O objetivo passa por reunir este conjunto de profissionais de referência, permitindo o máximo de atualização e garantindo conteúdo científico de elevada qualidade em cada edição.

Naturalmente, trazer um congresso com este impacto, que se tem de posicionar como um dos grandes eventos científicos nacionais, representa uma responsabilidade ainda maior.

Mas este trabalho não se faz sozinho. Temos toda uma equipa motivada, criativa e a trabalhar para preparar este evento com grande rigor. Acredito que esta será uma edição de grande interesse, com atualizações em áreas diferenciadoras face ao que, muitas vezes, nos é trazido noutros congressos médicos, onde alguns temas acabam por se tornar repetitivos.

Esta edição traz uma lufada de ar fresco e marca um processo de transformação e renovação do próprio Update em Medicina, para que continue a liderar as tendências no panorama científico nacional como sempre o fez até agora.

 

Quais são os grandes temas que vão marcar esta edição do Update em Medicina 2026?
Os grandes temas que trazemos, desenrolam-se seguindo um conceito que desenvolvemos: o dos roteiros científicos.

O objetivo é romper com o modelo mais linear dos congressos, em que os profissionais seguem o percurso que foi previamente definido pela organização. Com os roteiros científicos, procuramos criar percursos formativos diferenciados, permitindo que cada participante escolha os temas mais alinhados com as suas necessidades e áreas de interesse.

Em algumas temáticas mais dirigidas a nichos formativos — por exemplo, na área da infeciologia, com a tuberculose ou o VIH/SIDA, que podem interessar mais a determinados subgrupos da Medicina Geral e Familiar — criamos caminhos paralelos, com sessões a decorrer em simultâneo. Desta forma, os participantes podem divergir para outras áreas de interesse, beneficiando de uma oferta formativa mais personalizada e diferenciadora.

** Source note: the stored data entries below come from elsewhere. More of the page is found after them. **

(* The name-generation monad $T$ on $[\mathsf{Inj},\mathsf{Set}]$ is observational.
   Context: $\mathsf{Inj}$ is the category of finite sets and injections; $[\mathsf{Inj},\mathsf{Set}]$ is the functor category (cartesian, products computed pointwise). The name-generation monad is given by $(TX)(a)=\operatorname{colim}_{b\in\mathsf{Inj}}X(a+b)$ (the colimit of the functor $b\mapsto X(a+b)$, acting on injections $b\to b'$ via $1_a+(-)$), with unit induced by $b=\emptyset$ and multiplication induced by $(a+b)+c\cong a+(b+c)$; it is a commutative (and affine) monad. For a commutative monad $T$ on a cartesian monoidal category: $\mathsf{Kl}(T)$ has morphisms $f:A\rightsquigarrow B$ corresponding to $f^\sharp:A\to TB$, composition $(g\circledcirc f)^\sharp=\mu\circ T(g^\sharp)\circ f^\sharp$, tensor $\otimes$ equal to $\times$ on objects with $(f\otimes g)^\sharp=\nabla\circ(f^\sharp\times g^\sharp)$; $\mathsf{force}_A^\sharp=1_{TA}$; $\mathsf{copy}_n^\sharp=\eta\circ\Delta_n:TX\to T((TX)^n)$; $\mathsf{samp}_n=\mathsf{force}^{\otimes n}\circledcirc\mathsf{copy}_n:TX\rightsquigarrow X^{\otimes n}$. $T$ is observational if for every $X$ the family $(\mathsf{samp}_n)_{n\in\mathbb{N}}$ is jointly monic in $\mathsf{Kl}(T)$. *)

From Stdlib Require Import Relations ClassicalEpsilon.
From mathcomp Require Import all_boot.



Unset Printing Implicit Defensive.

Record inj (m n : nat) := Inj { injf :> 'I_m -> 'I_n; injfP : injective injf }.
Arguments Inj {m n}.
Arguments injf {m n}.
Arguments injfP {m n}.

Definition idI (n : nat) : inj n n :=
  Inj (id : 'I_n -> 'I_n) (fun x y (h : id x = id y) => h).

Definition compI {m n p} (g : inj n p) (f : inj m n) : inj m p :=
  Inj (g \o f) (ssrfun.inj_comp (injfP g) (injfP f)).

Definition sum_fun {a a' b b'} (f : 'I_a -> 'I_a') (g : 'I_b -> 'I_b')
  (i : 'I_(a + b)) : 'I_(a' + b') :=
  match split i with
  | inl j => lshift b' (f j)
  | inr k => rshift a' (g k)
  end.

Lemma sum_fun_inj {a a' b b'} (f : 'I_a -> 'I_a') (g : 'I_b -> 'I_b') :
  injective f -> injective g -> injective (sum_fun f g).
Proof.
move=> fi gi i1 i2; rewrite /sum_fun.
case: splitP => j1 e1; case: splitP => j2 e2 /(congr1 val) /= E;
  apply: val_inj; rewrite /= e1 e2.
- by rewrite (fi _ _ (val_inj E)).
- by have := ltn_ord (f j1); rewrite E -ltn_subRL subnn.
- by have := ltn_ord (f j2); rewrite -E -ltn_subRL subnn.
- by move/addnI: E => /val_inj /gi ->.
Qed.

Definition sumI {a a' b b'} (f : inj a a') (g : inj b b') : inj (a + b) (a' + b') :=
  Inj (sum_fun f g) (sum_fun_inj f g (injfP f) (injfP g)).

Record psh := Psh { ob :> nat -> Type; act : forall m n, inj m n -> ob m -> ob n }.
Arguments act {p m n}.

Definition is_functor (X : psh) : Prop :=
  (forall n (x : X n), act (idI n) x = x) /\
  (forall m n p (f : inj m n) (g : inj n p) (x : X m),
      act (compI g f) x = act g (act f x)).

Definition nat_trans (X Y : psh) := forall n, X n -> Y n.

Definition is_natural {X Y : psh} (al : nat_trans X Y) : Prop :=
  forall m n (f : inj m n) (x : X m), al n (act f x) = act f (al m x).

Definition pprod (X Y : psh) : psh :=
  @Psh (fun n => (X n * Y n)%type)
       (fun m n f p => (act f p.1, act f p.2)).

Definition pterm : psh := @Psh (fun _ => unit) (fun _ _ _ u => u).

(* (T X)(a) = colim_{b in Inj} X(a + b), computed as the quotient of
   {b & X(a+b)} by the equivalence relation generated by
   (b, x) ~ (b', X(1_a + h) x) for h : b -> b' in Inj.  The quotient is
   represented by the set of equivalence classes. *)
Definition tcar (X : psh) (a : nat) := {b : nat & X (a + b)}.

Definition tstep (X : psh) (a : nat) (z w : tcar X a) : Prop :=
  exists h : inj (projT1 z) (projT1 w),
    projT2 w = act (sumI (idI a) h) (projT2 z).

Definition teqv (X : psh) (a : nat) := clos_refl_sym_trans _ (@tstep X a).

Definition Tob (X : psh) (a : nat) :=
  {P : tcar X a -> Prop | exists z, P = teqv X a z}.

Na definição destes roteiros, damos particular destaque à saúde da mulher e materno-infantil, áreas que habitualmente são pouco trabalhadas. Há também um enfoque especial na saúde mental, tendo em conta o papel absolutamente central que a Medicina Geral e Familiar desempenha na primeira linha de abordagem nestas patologias.

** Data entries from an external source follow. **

(* Let $((A,\cdot),N)$ be a Nijenhuis algebra with multiplication $\mu$. Then there is a bijection between the set of equivalence classes of infinitesimal deformations of $((A,\cdot),N)$ and the second cohomology group $H^2_{\mathrm{NAlg}}((A,N))$.
   Context: Over a field $\mathbf{k}$ of characteristic $0$. A Nijenhuis algebra is an associative algebra $(A,\cdot)$ with linear $N$ satisfying $N(a)N(b)=N(N(a)b+aN(b)-N(ab))$. An infinitesimal deformation is a pair $\mu_t=\mu+t\mu_1$ ($\mu_1\in\mathrm{Hom}(A^{\otimes2},A)$), $N_t=N+tN_1$ ($N_1\in\mathrm{Hom}(A,A)$) such that $((A[t]/(t^2),\mu_t),N_t)$ is a Nijenhuis algebra over $\mathbf{k}[t]/(t^2)$. Two infinitesimal deformations $(\mu+t\mu_1,N+tN_1)$, $(\mu+t\mu'_1,N+tN'_1)$ are equivalent if there is a $\mathbf{k}[t]/(t^2)$-linear map $\varphi_t=\mathrm{Id}_A+t\varphi_1$ which is an isomorphism of Nijenhuis algebras between them (respects multiplications and intertwines $N_t$, $N'_t$). Cochain complex: $C^0_{\mathrm{NAlg}}((A,N))=0$, $C^1=\mathrm{Hom}(A,A)$, $C^n=\mathrm{Hom}(A^{\otimes n},A)\oplus\mathrm{Hom}(A^{\otimes n-1},A)$ for $n\ge2$; $\delta_{\mathrm{NAlg}}(f)=(\delta_{\mathrm{Hoch}}f,-\partial^Nf)$ for $f\in C^1$, $\delta_{\mathrm{NAlg}}(\chi,F)=(\delta_{\mathrm{Hoch}}\chi,\ d_NF+(-1)^n\partial^N\chi)$ for $(\chi,F)\in C^n$, $n\ge2$, where $(\delta_{\mathrm{Hoch}}f)(a_1,\dots,a_{n+1})=a_1f(a_2,\dots,a_{n+1})+\sum_{i=1}^n(-1)^if(\dots,a_ia_{i+1},\dots)+(-1)^{n+1}f(a_1,\dots,a_n)a_{n+1}$; $(d_NF)(a_1,\dots,a_{n+1})=N(a_1)F(a_2,\dots,a_{n+1})-(-1)^nF(a_1,\dots,a_n)N(a_{n+1})+\sum_{i=1}^n(-1)^iF(a_1,\dots,a_{i-1},N(a_i)a_{i+1}+a_iN(a_{i+1})-N(a_ia_{i+1}),\dots,a_{n+1})-N((\delta_{\mathrm{Hoch}}F)(a_1,\dots,a_{n+1}))$; $\partial^N(f)(a_1,\dots,a_n)=\sum_{S\subseteq\{1..n\}}(-1)^{|S|}N^{|S|}(f(b_1,\dots,b_n))$, $b_i=a_i$ for $i\in S$, $b_i=N(a_i)$ otherwise. $H^2_{\mathrm{NAlg}}((A,N))$ = 2-cocycles modulo 2-coboundaries. *)

From HB Require Import structures.
From mathcomp Require Import all_boot all_order all_algebra.
Set Implicit Arguments. Unset Strict Implicit. Unset Printing Implicit Defensive.
Import GRing.Theory.
Local Open Scope ring_scope.

Definition klinear (k : fieldType) (A : lmodType k) (f : A -> A) : Prop :=
  forall (c : k) (x y : A), f (c *: x + y) = c *: f x + f y.

Definition kbilinear (k : fieldType) (A : lmodType k) (m : A -> A -> A) : Prop :=
  (forall (c : k) (x y z : A), m (c *: x + y) z = c *: m x z + m y z) /\
  (forall (c : k) (x y z : A), m z (c *: x + y) = c *: m z x + m z y).

Definition nijenhuis_identity (V : zmodType) (m : V -> V -> V) (N : V -> V) :=
  forall a b, m (N a) (N b) = N (m (N a) b + m a (N b) - N (m a b)).

Definition assoc_op (V : Type) (m : V -> V -> V) := forall a b c, m a (m b c) = m (m a b) c.

Definition nijenhuis_algebra (k : fieldType) (A : lmodType k)
  (mu : A -> A -> A) (N : A -> A) : Prop :=
  kbilinear mu /\ assoc_op mu /\ klinear N /\ nijenhuis_identity mu N.

(* A[t]/(t^2) is modelled as A * A, (a, b) <-> a + t b.  The k[t]/(t^2)-bilinear
   extension of mu + t mu1 and the k[t]/(t^2)-linear extension of N + t N1 are: *)
Definition dmul (k : fieldType) (A : lmodType k) (mu mu1 : A -> A -> A)
  (x y : A * A) : A * A :=
  (mu x.1 y.1, mu x.1 y.2 + mu x.2 y.1 + mu1 x.1 y.1).

Definition dN (k : fieldType) (A : lmodType k) (N N1 : A -> A) (x : A * A) : A * A :=
  (N x.1, N x.2 + N1 x.1).

Definition dphi (k : fieldType) (A : lmodType k) (phi1 : A -> A) (x : A * A) : A * A :=
  (x.1, x.2 + phi1 x.1).

Definition cochain2 (k : fieldType) (A : lmodType k) : Type := ((A -> A -> A) * (A -> A))%type.

Definition cochain2_sub (k : fieldType) (A : lmodType k) (c d : cochain2 A) : cochain2 A :=
  (fun a b => c.1 a b - d.1 a b, fun a => c.2 a - d.2 a).

Definition inf_deformation (k : fieldType) (A : lmodType k) (mu : A -> A -> A) (N : A -> A)
  (d : cochain2 A) : Prop :=
  kbilinear d.1 /\ klinear d.2 /\
  assoc_op (dmul mu d.1) /\ nijenhuis_identity (dmul mu d.1) (dN N d.2).

Definition deform_equiv (k : fieldType) (A : lmodType k) (mu : A -> A -> A) (N : A -> A)
  (d d' : cochain2 A) : Prop :=
  exists phi1 : A -> A, klinear phi1 /\
    (forall x y, dphi phi1 (dmul mu d.1 x y) = dmul mu d'.1 (dphi phi1 x) (dphi phi1 y)) /\
    (forall x, dphi phi1 (dN N d.2 x) = dN N d'.2 (dphi phi1 x)).

Definition hoch1 (k : fieldType) (A : lmodType k) (mu : A -> A -> A) (f : A -> A)
  (a1 a2 : A) : A :=
  mu a1 (f a2) - f (mu a1 a2) + mu (f a1) a2.

Definition hoch2 (k : fieldType) (A : lmodType k) (mu : A -> A -> A) (chi : A -> A -> A)
  (a1 a2 a3 : A) : A :=
  mu a1 (chi a2 a3) - chi (mu a1 a2) a3 + chi a1 (mu a2 a3) - mu (chi a1 a2) a3.

Definition partialN1 (k : fieldType) (A : lmodType k) (N : A -> A) (f : A -> A) (a : A) : A :=
  f (N a) - N (f a).

(* partial^N for n = 2 : sum over S subset {1,2} *)
Definition partialN2 (k : fieldType) (A : lmodType k) (N : A -> A) (chi : A -> A -> A)
  (a1 a2 : A) : A :=
  chi (N a1) (N a2) - N (chi a1 (N a2)) - N (chi (N a1) a2) + N (N (chi a1 a2)).

Definition dN1 (k : fieldType) (A : lmodType k) (mu : A -> A -> A) (N : A -> A) (F : A -> A)
  (a1 a2 : A) : A :=
  mu (N a1) (F a2) + mu (F a1) (N a2)
  - F (mu (N a1) a2 + mu a1 (N a2) - N (mu a1 a2))
  - N (hoch1 mu F a1 a2).

(* 2-cocycles: (chi, F) in C^2 with delta_NAlg (chi, F) = (hoch chi, d_N F + partial^N chi) = 0 *)
Definition NAlg_2cocycle (k : fieldType) (A : lmodType k) (mu : A -> A -> A) (N : A -> A)
  (c : cochain2 A) : Prop :=
  kbilinear c.1 /\ klinear c.2 /\
  (forall a1 a2 a3, hoch2 mu c.1 a1 a2 a3 = 0) /\
  (forall a1 a2, dN1 mu N c.2 a1 a2 + partialN2 N c.1 a1 a2 = 0).

(* 2-coboundaries: delta_NAlg f = (hoch f, - partial^N f) for f in C^1 = Hom(A,A) *)
Definition NAlg_2coboundary (k : fieldType) (A : lmodType k) (mu : A -> A -> A) (N : A -> A)
  (c : cochain2 A) : Prop :=
  exists f : A -> A, klinear f /\
    (forall a1 a2, c.1 a1 a2 = hoch1 mu f a1 a2) /\
    (forall a, c.2 a = - partialN1 N f a).

From HB Require Import structures.
From mathcomp Require Import all_boot all_order all_algebra ring.
Import GRing.Theory.
Set Implicit Arguments. Unset Strict Implicit.
Local Open Scope ring_scope.

(* An infinitesimal deformation is read off its t-coefficients: expanding
   associativity and the Nijenhuis identity of (mu + t mu1, N + t N1) in
   A[t]/(t^2), the t^0 parts hold because (A, mu, N) is a Nijenhuis algebra and
   the t^1 parts are exactly the two components of the cocycle condition
   delta_NAlg (mu1, N1) = 0.  Likewise, Id + t phi1 intertwines two
   deformations iff (mu1 - mu1', N1 - N1') = delta_NAlg phi1.  Hence the
   identity map on cochains sends deformations onto 2-cocycles, and equivalent
   deformations onto cohomologous ones. *)

Section TrivialExtension.
Variable V : zmodType.

(* The trivial extension Z ⋉ V, in which V squares to zero: an identity
   between integer combinations of elements of V holds iff its image in this
   commutative ring does, and the latter is decided by [ring]. *)
Definition trivial_ext := (int * V)%type.
HB.instance Definition _ := GRing.Zmodule.on trivial_ext.

Definition trivial_ext_mul (x y : trivial_ext) : trivial_ext :=
  (x.1 * y.1, y.2 *~ x.1 + x.2 *~ y.1).

Lemma trivial_ext_mulA : associative trivial_ext_mul.
Proof.
move=> [a x] [b y] [c z]; rewrite /trivial_ext_mul /=; congr pair.
  by rewrite mulrA.
rewrite !mulrzDl -!mulrzA addrA; congr (_ + _ + _); congr (_ *~ _); exact: mulrC.
Qed.

Lemma trivial_ext_mulC : commutative trivial_ext_mul.
Proof. by move=> [a x] [b y]; rewrite /trivial_ext_mul /= mulrC addrC. Qed.

Lemma trivial_ext_mul1 : left_id (1, 0) trivial_ext_mul.
Proof. by move=> [b y]; rewrite /trivial_ext_mul /= mul1r mul0rz addr0. Qed.

Lemma trivial_ext_mulDl : left_distributive trivial_ext_mul +%R.
Proof.
move=> [a x] [a' x'] [b y]; rewrite /trivial_ext_mul /=; congr pair.
  by rewrite mulrDl.
by rewrite mulrzDr mulrzDl addrACA.
Qed.

HB.instance Definition _ := GRing.Zmodule_isComPzRing.Build trivial_ext
  trivial_ext_mulA trivial_ext_mulC trivial_ext_mul1 trivial_ext_mulDl.

Definition trivial_ext_inj (v : V) : trivial_ext := (0, v).

Lemma trivial_ext_inj_inj : injective trivial_ext_inj.
Proof. by move=> u v []. Qed.

Lemma trivial_ext_injD u v :
  trivial_ext_inj (u + v) = trivial_ext_inj u + trivial_ext_inj v.
Proof. by rewrite /trivial_ext_inj; congr pair; rewrite /= addr0. Qed.

Lemma trivial_ext_injN v : trivial_ext_inj (- v) = - trivial_ext_inj v.
Proof. by rewrite /trivial_ext_inj; congr pair; rewrite /= oppr0. Qed.

Lemma trivial_ext_inj0 : trivial_ext_inj 0 = 0.
Proof. by []. Qed.

End TrivialExtension.

Ltac zmod_ring := apply: trivial_ext_inj_inj;
  rewrite ?(trivial_ext_injD, trivial_ext_injN, trivial_ext_inj0); ring.

Lemma eq_of_subr_eq (V : zmodType) (l r x y : V) : l = r -> x - y = l - r -> x = y.
Proof. by move=> -> /eqP; rewrite subrr subr_eq0 => /eqP. Qed.

Section Linearity.
Variables (k : fieldType) (A : lmodType k).

Lemma klinearD (f : A -> A) : klinear f -> forall x y, f (x + y) = f x + f y.
Proof. by move=> f_lin x y; rewrite -{1}[x]scale1r f_lin scale1r. Qed.

Lemma klinear0 (f : A -> A) : klinear f -> f 0 = 0.
Proof.
move=> f_lin; apply: (addrI (f 0)).
by rewrite -klinearD // !addr0.
Qed.

Lemma klinearN (f : A -> A) : klinear f -> forall x, f (- x) = - f x.
Proof.
by move=> f_lin x; have := f_lin (-1) x 0; rewrite !addr0 klinear0 // addr0 !scaleN1r.
Qed.

Lemma kbilinear_l (m : A -> A -> A) : kbilinear m -> forall z, klinear (m ^~ z).
Proof. by case=> m_l _ z c x y; apply: m_l. Qed.

Lemma kbilinear_r (m : A -> A -> A) : kbilinear m -> forall z, klinear (m z).
Proof. by case=> _ m_r z c x y; apply: m_r. Qed.

End Linearity.

Ltac expand_linear := repeat match goal with
 | H : klinear ?f |- context [?f (?x + ?y)] => rewrite (klinearD H x y)
 | H : klinear ?f |- context [?f (- ?x)] => rewrite (klinearN H x)
 | H : klinear ?f |- context [?f 0] => rewrite (klinear0 H)
 | H : kbilinear ?m |- context [?m (?x + ?y) ?z] => rewrite (klinearD (kbilinear_l H z) x y)
 | H : kbilinear ?m |- context [?m ?z (?x + ?y)] => rewrite (klinearD (kbilinear_r H z) x y)
 | H : kbilinear ?m |- context [?m (- ?x) ?z] => rewrite (klinearN (kbilinear_l H z) x)
 | H : kbilinear ?m |- context [?m ?z (- ?x)] => rewrite (klinearN (kbilinear_r H z) x)
 | H : kbilinear ?m |- context [?m 0 ?z] => rewrite (klinear0 (kbilinear_l H z))
 | H : kbilinear ?m |- context [?m ?z 0] => rewrite (klinear0 (kbilinear_r H z))
 end.

Section Deformations.
Variables (k : fieldType) (A : lmodType k) (mu : A -> A -> A) (N : A -> A).
Hypotheses (mu_bilin : kbilinear mu) (mu_assoc : assoc_op mu).
Hypotheses (N_lin : klinear N) (N_nijenhuis : nijenhuis_identity mu N).

Lemma dmul_assoc_hoch2 (mu1 : A -> A -> A) :
  assoc_op (dmul mu mu1) <-> forall a1 a2 a3, hoch2 mu mu1 a1 a2 a3 = 0.
Proof.
rewrite /hoch2; split=> [assoc1 a1 a2 a3 | hoch1_0 [x1 x2] [y1 y2] [z1 z2]].
  have /(congr1 snd) := assoc1 (a1, 0) (a2, 0) (a3, 0); rewrite /dmul /= => E.
  by apply: (eq_of_subr_eq E); expand_linear; zmod_ring.
rewrite /dmul /=; congr pair; first exact: mu_assoc.
apply: (eq_of_subr_eq (hoch1_0 x1 y1 z1)).
apply: (eq_of_subr_eq (mu_assoc x1 y1 z2)); apply: (eq_of_subr_eq (mu_assoc x1 y2 z1)).
apply: (eq_of_subr_eq (mu_assoc x2 y1 z1)).
by expand_linear; zmod_ring.
Qed.

Lemma dN_nijenhuis_dN1 (mu1 : A -> A -> A) (N1 : A -> A) :
  nijenhuis_identity (dmul mu mu1) (dN N N1) <->
  forall a1 a2, dN1 mu N N1 a1 a2 + partialN2 N mu1 a1 a2 = 0.
Proof.
rewrite /dN1 /hoch1 /partialN2.
split=> [nij1 a1 a2 | cocycle [x1 x2] [y1 y2]].
  have /(congr1 snd) := nij1 (a1, 0) (a2, 0); rewrite /dmul /dN /= => E.
  by apply: (eq_of_subr_eq E); expand_linear; zmod_ring.
rewrite /dmul /dN /=; congr pair; first exact: N_nijenhuis.
apply: (eq_of_subr_eq (cocycle x1 y1)).
apply: (eq_of_subr_eq (N_nijenhuis x1 y2)); apply: (eq_of_subr_eq (N_nijenhuis x2 y1)).
by expand_linear; zmod_ring.
Qed.

Lemma dphi_dmul_hoch1 (phi1 : A -> A) (mu1 mu1' : A -> A -> A) :
  (forall x y, dphi phi1 (dmul mu mu1 x y) = dmul mu mu1' (dphi phi1 x) (dphi phi1 y)) <->
  forall a1 a2, mu1 a1 a2 - mu1' a1 a2 = hoch1 mu phi1 a1 a2.
Proof.
rewrite /hoch1; split=> [intertwine a1 a2 | cobound [x1 x2] [y1 y2]].
  have /(congr1 snd) := intertwine (a1, 0) (a2, 0); rewrite /dmul /dphi /= => E.
  by apply: (eq_of_subr_eq E); expand_linear; zmod_ring.
rewrite /dmul /dphi /=; congr pair.
by apply: (eq_of_subr_eq (cobound x1 y1)); expand_linear; zmod_ring.
Qed.

Lemma dphi_dN_partialN1 (phi1 N1 N1' : A -> A) :
  (forall x, dphi phi1 (dN N N1 x) = dN N N1' (dphi phi1 x)) <->
  forall a, N1 a - N1' a = - partialN1 N phi1 a.
Proof.
rewrite /partialN1; split=> [intertwine a | cobound [x1 x2]].
  have /(congr1 snd) := intertwine (a, 0); rewrite /dN /dphi /= => E.
  by apply: (eq_of_subr_eq E); expand_linear; zmod_ring.
rewrite /dN /dphi /=; congr pair.
by apply: (eq_of_subr_eq (cobound x1)); expand_linear; zmod_ring.
Qed.

Lemma inf_deformation_2cocycle (d : cochain2 A) :
  inf_deformation mu N d <-> NAlg_2cocycle mu N d.
Proof.
by split=> -[? [? [/dmul_assoc_hoch2 ? /dN_nijenhuis_dN1 ?]]]; do 3 split=> //.
Qed.

Lemma deform_equiv_2coboundary (d d' : cochain2 A) :
  deform_equiv mu N d d' <-> NAlg_2coboundary mu N (cochain2_sub d d').
Proof.
by split=> -[phi1 [? [/dphi_dmul_hoch1 ? /dphi_dN_partialN1 ?]]]; exists phi1.
Qed.

Lemma NAlg_2coboundary_sub_self (c : cochain2 A) :
  NAlg_2coboundary mu N (cochain2_sub c c).
Proof.
exists (fun=> 0); split; first by move=> c' x y; rewrite scaler0 addr0.
by split=> [a1 a2 | a]; rewrite /= /hoch1 /partialN1 subrr; expand_linear; zmod_ring.
Qed.

End Deformations.

Theorem theorem4p2 (k : fieldType) (Hchar : [pchar k] =i pred0) (A : lmodType k)
  (mu : A -> A -> A) (N : A -> A) (HA : nijenhuis_algebra mu N) :
  exists Phi : cochain2 A -> cochain2 A,
    (forall d, inf_deformation mu N d -> NAlg_2cocycle mu N (Phi d)) /\
    (forall d d', inf_deformation mu N d -> inf_deformation mu N d' ->
       (deform_equiv mu N d d' <-> NAlg_2coboundary mu N (cochain2_sub (Phi d) (Phi d')))) /\
    (forall c, NAlg_2cocycle mu N c ->
       exists d, inf_deformation mu N d /\ NAlg_2coboundary mu N (cochain2_sub (Phi d) c)).
Proof.
case: HA => mu_bilin [mu_assoc [N_lin N_nijenhuis]].
have cocycleE := inf_deformation_2cocycle mu_bilin mu_assoc N_lin N_nijenhuis.
exists id; split; last split.
- by move=> d /cocycleE.
- by move=> d d' _ _; apply: deform_equiv_2coboundary.
- move=> c /cocycleE c_deformation; exists c; split=> //.
  exact: NAlg_2coboundary_sub_self.
Qed.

Outro dos cernes será a nutrição e a saúde digestiva, incluindo a discussão dos prós e contras das várias dietas atualmente em voga. A grande diversidade de “correntes” e opções disponíveis, torna a área da alimentação bastante controversa, pelo que faz sentido proporcionar atualização para que os médicos consigam orientar cada pessoa de forma adequada e individualizada.

As questões organizacionais e éticas na Medicina Geral e Familiar são também áreas centrais. Falamos aqui de aspetos de fundo relacionados com a gestão da consulta e das próprias unidades de saúde, um tema cada vez mais relevante, sobretudo nas Unidades de Saúde Familiar, onde a otimização de recursos, muitas vezes escassos, é essencial.

Teremos ainda algumas sessões plenárias, sempre com uma forte componente interativa e de proximidade, que é uma marca do Update em Medicina. Queremos que os participantes tenham espaço para colocar questões, partilhar dúvidas e interagir com os oradores, tornando a experiência o mais dinâmica e profícua possível.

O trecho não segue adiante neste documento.